WORK INSTRUCTION:
Locate the line that contains "rw_chain (comp_tensm S" in the entries below, then repeat it and every following line through the line that contains "Lam)) ⊗ idm A)", exactly, and no others.

DATA SUPPLIED:
- Opening Delimiter -
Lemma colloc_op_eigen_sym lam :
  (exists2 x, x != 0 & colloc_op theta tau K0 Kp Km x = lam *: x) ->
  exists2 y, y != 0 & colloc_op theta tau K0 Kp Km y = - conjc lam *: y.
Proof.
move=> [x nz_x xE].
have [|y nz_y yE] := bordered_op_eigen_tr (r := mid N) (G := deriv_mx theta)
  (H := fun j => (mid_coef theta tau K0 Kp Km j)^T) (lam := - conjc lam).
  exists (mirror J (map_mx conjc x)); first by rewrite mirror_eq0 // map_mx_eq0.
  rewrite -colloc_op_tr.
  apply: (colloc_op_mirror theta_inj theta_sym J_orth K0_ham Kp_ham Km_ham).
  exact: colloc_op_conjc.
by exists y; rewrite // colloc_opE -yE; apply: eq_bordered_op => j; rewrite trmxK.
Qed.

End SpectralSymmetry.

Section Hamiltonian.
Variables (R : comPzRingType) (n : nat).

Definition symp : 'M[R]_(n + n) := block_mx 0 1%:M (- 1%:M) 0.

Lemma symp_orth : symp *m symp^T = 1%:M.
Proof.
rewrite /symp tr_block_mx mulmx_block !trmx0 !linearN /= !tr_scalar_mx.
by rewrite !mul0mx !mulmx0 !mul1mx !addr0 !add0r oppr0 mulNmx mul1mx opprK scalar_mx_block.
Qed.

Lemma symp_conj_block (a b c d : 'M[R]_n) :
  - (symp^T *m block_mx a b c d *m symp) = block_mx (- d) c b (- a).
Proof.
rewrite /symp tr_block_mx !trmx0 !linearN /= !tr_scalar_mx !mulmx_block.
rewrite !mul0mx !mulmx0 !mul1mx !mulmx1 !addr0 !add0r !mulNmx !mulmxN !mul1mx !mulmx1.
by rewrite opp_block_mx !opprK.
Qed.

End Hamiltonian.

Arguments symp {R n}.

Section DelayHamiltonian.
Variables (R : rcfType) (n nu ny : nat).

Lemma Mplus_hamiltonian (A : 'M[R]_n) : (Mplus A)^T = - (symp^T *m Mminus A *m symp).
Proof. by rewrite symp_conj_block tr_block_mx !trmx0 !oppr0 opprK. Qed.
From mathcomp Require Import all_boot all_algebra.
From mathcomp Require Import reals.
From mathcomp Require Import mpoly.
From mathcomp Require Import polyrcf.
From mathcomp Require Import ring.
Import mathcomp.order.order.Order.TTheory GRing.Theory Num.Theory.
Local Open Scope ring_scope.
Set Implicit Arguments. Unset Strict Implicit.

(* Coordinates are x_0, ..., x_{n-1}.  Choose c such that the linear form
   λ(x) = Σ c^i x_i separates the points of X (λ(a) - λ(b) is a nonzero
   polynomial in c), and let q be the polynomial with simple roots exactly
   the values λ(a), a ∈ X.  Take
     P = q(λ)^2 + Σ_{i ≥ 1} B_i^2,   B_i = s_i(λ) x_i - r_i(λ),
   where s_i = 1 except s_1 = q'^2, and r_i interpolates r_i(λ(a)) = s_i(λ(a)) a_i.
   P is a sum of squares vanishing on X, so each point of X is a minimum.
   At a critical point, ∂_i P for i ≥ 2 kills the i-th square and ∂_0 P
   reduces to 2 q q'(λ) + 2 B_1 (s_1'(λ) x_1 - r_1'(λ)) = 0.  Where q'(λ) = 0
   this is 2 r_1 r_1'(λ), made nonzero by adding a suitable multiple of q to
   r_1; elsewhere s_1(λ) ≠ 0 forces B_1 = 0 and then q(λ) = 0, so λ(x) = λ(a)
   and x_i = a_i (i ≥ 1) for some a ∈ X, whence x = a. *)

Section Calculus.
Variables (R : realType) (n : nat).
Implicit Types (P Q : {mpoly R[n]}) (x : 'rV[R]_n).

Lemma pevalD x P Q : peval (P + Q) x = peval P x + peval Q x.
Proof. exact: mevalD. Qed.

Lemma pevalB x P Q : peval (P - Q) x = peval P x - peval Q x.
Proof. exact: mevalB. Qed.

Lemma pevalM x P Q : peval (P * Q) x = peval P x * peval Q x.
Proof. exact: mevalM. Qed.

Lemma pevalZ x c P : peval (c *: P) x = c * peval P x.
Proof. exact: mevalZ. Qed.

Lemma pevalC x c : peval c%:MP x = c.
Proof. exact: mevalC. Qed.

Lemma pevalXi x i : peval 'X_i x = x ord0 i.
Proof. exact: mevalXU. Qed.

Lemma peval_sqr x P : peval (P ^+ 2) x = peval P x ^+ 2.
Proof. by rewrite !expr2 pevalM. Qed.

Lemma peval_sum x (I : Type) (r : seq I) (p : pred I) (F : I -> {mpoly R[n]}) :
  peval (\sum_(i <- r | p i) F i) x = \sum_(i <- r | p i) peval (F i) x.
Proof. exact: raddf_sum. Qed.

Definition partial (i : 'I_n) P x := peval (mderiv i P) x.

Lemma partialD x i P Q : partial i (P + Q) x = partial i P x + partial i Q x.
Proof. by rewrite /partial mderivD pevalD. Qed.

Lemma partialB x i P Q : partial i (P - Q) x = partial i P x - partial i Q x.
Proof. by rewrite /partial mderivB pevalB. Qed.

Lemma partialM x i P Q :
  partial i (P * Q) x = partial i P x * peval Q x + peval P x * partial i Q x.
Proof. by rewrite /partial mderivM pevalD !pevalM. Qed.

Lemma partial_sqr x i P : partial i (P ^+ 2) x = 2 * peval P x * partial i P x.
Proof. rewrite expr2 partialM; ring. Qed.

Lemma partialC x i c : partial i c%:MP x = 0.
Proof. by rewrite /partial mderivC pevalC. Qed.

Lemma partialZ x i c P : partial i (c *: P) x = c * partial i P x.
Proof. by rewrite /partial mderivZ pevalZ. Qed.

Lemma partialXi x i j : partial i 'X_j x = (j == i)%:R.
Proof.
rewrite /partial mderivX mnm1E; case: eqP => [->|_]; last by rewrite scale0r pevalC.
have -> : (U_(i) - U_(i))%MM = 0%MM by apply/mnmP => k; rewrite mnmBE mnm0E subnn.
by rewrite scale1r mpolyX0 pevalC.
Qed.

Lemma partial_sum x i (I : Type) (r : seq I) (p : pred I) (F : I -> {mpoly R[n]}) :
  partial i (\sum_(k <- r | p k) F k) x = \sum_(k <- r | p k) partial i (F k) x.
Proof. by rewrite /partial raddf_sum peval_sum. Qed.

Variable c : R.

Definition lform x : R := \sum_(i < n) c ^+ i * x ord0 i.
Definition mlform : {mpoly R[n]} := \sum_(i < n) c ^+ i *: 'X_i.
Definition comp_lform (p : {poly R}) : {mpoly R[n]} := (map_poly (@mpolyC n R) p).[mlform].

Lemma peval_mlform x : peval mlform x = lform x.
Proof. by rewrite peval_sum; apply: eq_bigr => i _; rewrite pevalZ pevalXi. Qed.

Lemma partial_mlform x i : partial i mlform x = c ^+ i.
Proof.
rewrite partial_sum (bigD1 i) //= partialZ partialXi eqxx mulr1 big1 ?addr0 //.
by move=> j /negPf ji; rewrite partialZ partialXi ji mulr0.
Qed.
- Closing Delimiter -
- Opening Delimiter -
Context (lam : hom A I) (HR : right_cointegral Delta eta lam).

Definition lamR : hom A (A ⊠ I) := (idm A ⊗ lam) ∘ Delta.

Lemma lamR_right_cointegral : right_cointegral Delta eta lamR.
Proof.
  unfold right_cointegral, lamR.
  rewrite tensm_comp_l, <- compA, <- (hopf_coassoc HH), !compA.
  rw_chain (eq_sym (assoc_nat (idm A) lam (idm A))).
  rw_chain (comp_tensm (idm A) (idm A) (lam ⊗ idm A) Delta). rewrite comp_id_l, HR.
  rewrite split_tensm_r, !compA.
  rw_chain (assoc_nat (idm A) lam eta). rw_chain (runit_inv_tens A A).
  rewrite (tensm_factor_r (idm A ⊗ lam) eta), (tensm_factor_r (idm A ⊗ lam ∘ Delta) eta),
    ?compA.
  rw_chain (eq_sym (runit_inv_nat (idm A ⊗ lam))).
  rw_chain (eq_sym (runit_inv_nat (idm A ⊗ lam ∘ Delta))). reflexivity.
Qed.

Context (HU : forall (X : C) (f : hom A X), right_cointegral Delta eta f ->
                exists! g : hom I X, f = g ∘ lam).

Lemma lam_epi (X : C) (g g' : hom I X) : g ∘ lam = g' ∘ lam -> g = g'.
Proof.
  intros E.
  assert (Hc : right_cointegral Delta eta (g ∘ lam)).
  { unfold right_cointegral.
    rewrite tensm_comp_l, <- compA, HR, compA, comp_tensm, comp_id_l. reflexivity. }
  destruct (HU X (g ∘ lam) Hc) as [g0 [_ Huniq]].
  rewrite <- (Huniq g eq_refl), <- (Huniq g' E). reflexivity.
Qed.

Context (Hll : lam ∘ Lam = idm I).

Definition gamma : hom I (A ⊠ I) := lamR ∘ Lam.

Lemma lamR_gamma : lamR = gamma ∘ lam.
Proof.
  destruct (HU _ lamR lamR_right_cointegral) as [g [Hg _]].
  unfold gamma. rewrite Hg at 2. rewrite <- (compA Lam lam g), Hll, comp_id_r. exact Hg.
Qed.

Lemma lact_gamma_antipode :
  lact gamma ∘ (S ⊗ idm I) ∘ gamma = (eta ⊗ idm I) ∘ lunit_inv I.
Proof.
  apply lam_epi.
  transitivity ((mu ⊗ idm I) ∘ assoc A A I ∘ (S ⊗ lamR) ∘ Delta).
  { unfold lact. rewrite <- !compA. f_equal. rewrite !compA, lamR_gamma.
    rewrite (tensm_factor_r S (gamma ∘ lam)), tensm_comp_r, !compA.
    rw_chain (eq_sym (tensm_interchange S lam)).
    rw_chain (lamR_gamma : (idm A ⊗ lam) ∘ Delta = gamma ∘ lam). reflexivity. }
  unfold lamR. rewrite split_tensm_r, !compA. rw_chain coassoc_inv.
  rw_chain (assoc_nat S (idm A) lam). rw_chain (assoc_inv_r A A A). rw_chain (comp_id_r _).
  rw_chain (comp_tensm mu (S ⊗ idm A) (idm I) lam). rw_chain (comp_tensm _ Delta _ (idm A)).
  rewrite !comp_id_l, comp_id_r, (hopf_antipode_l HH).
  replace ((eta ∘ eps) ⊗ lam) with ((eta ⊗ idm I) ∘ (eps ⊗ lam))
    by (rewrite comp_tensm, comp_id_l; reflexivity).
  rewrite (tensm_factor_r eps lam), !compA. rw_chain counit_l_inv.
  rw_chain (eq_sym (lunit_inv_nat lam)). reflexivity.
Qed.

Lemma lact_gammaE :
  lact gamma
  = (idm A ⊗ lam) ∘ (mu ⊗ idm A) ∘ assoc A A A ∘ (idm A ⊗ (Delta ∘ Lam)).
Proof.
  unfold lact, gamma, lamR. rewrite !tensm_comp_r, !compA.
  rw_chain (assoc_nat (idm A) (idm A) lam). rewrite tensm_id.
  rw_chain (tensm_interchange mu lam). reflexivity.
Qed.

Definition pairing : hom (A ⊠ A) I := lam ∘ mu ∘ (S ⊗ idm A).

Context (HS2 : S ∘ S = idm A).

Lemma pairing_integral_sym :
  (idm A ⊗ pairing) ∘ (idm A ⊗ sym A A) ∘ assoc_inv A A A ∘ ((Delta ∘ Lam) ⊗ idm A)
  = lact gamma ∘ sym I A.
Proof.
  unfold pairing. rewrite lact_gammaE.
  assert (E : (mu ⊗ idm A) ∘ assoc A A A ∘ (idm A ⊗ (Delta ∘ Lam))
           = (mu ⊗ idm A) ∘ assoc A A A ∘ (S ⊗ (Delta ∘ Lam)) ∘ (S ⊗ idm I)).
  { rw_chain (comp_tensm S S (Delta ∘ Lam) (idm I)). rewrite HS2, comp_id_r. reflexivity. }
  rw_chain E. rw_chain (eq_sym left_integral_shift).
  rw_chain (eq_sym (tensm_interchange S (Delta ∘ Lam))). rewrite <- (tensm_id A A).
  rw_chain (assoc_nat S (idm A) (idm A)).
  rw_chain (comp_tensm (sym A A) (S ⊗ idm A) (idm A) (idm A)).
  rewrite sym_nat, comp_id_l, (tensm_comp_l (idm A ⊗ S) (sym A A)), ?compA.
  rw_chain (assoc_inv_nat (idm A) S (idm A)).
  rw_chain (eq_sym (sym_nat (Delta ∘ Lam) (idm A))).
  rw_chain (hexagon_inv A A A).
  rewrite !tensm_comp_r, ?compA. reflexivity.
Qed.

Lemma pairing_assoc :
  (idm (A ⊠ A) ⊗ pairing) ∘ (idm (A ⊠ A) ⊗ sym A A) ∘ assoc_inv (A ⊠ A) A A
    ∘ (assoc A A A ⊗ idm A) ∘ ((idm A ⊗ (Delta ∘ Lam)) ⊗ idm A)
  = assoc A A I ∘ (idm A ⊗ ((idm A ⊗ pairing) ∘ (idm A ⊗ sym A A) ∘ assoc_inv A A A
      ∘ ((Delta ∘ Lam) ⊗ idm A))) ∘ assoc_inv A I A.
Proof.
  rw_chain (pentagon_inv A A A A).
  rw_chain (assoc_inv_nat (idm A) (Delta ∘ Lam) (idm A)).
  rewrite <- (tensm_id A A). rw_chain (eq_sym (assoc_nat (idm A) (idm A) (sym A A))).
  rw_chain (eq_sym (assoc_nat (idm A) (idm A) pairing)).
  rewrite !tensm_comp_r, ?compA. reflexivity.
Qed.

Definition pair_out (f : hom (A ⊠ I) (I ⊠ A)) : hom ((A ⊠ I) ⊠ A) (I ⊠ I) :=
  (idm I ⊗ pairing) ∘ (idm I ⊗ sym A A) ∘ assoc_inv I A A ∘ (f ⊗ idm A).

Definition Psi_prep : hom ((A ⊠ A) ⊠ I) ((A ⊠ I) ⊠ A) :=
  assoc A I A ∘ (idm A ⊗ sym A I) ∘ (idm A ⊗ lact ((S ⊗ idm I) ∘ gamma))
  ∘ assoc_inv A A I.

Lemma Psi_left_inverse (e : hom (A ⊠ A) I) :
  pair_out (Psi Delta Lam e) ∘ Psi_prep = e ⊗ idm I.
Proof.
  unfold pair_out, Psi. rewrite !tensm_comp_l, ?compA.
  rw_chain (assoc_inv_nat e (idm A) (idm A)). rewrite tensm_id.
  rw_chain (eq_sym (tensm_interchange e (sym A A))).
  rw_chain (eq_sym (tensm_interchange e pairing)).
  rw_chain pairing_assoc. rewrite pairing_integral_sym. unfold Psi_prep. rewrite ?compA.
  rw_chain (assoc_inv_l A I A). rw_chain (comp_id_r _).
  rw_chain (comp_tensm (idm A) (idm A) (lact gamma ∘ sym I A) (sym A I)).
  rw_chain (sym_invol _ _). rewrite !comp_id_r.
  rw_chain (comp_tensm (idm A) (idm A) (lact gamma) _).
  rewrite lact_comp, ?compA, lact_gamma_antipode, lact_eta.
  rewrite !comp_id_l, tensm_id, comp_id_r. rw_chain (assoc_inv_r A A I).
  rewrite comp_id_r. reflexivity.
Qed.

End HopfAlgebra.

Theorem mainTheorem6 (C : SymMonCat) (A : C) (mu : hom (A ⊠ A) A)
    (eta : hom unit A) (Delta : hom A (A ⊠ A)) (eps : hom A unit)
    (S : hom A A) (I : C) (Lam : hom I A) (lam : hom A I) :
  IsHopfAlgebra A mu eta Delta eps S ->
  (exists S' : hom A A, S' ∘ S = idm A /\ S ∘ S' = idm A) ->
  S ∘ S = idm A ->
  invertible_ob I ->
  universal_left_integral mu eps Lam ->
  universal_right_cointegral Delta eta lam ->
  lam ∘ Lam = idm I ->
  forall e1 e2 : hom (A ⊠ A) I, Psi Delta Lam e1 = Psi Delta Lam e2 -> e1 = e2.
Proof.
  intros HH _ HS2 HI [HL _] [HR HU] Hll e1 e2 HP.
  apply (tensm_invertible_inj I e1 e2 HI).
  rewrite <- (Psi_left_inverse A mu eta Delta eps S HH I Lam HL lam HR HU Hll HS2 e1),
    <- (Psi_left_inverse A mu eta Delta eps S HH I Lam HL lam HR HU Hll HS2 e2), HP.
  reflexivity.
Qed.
- Closing Delimiter -
EXPECTED ANSWER:
  { rw_chain (comp_tensm S S (Delta ∘ Lam) (idm I)). rewrite HS2, comp_id_r. reflexivity. }
  rw_chain E. rw_chain (eq_sym left_integral_shift).
  rw_chain (eq_sym (tensm_interchange S (Delta ∘ Lam))). rewrite <- (tensm_id A A).
  rw_chain (assoc_nat S (idm A) (idm A)).
  rw_chain (comp_tensm (sym A A) (S ⊗ idm A) (idm A) (idm A)).
  rewrite sym_nat, comp_id_l, (tensm_comp_l (idm A ⊗ S) (sym A A)), ?compA.
  rw_chain (assoc_inv_nat (idm A) S (idm A)).
  rw_chain (eq_sym (sym_nat (Delta ∘ Lam) (idm A))).
  rw_chain (hexagon_inv A A A).
  rewrite !tensm_comp_r, ?compA. reflexivity.
Qed.

Lemma pairing_assoc :
  (idm (A ⊠ A) ⊗ pairing) ∘ (idm (A ⊠ A) ⊗ sym A A) ∘ assoc_inv (A ⊠ A) A A
    ∘ (assoc A A A ⊗ idm A) ∘ ((idm A ⊗ (Delta ∘ Lam)) ⊗ idm A)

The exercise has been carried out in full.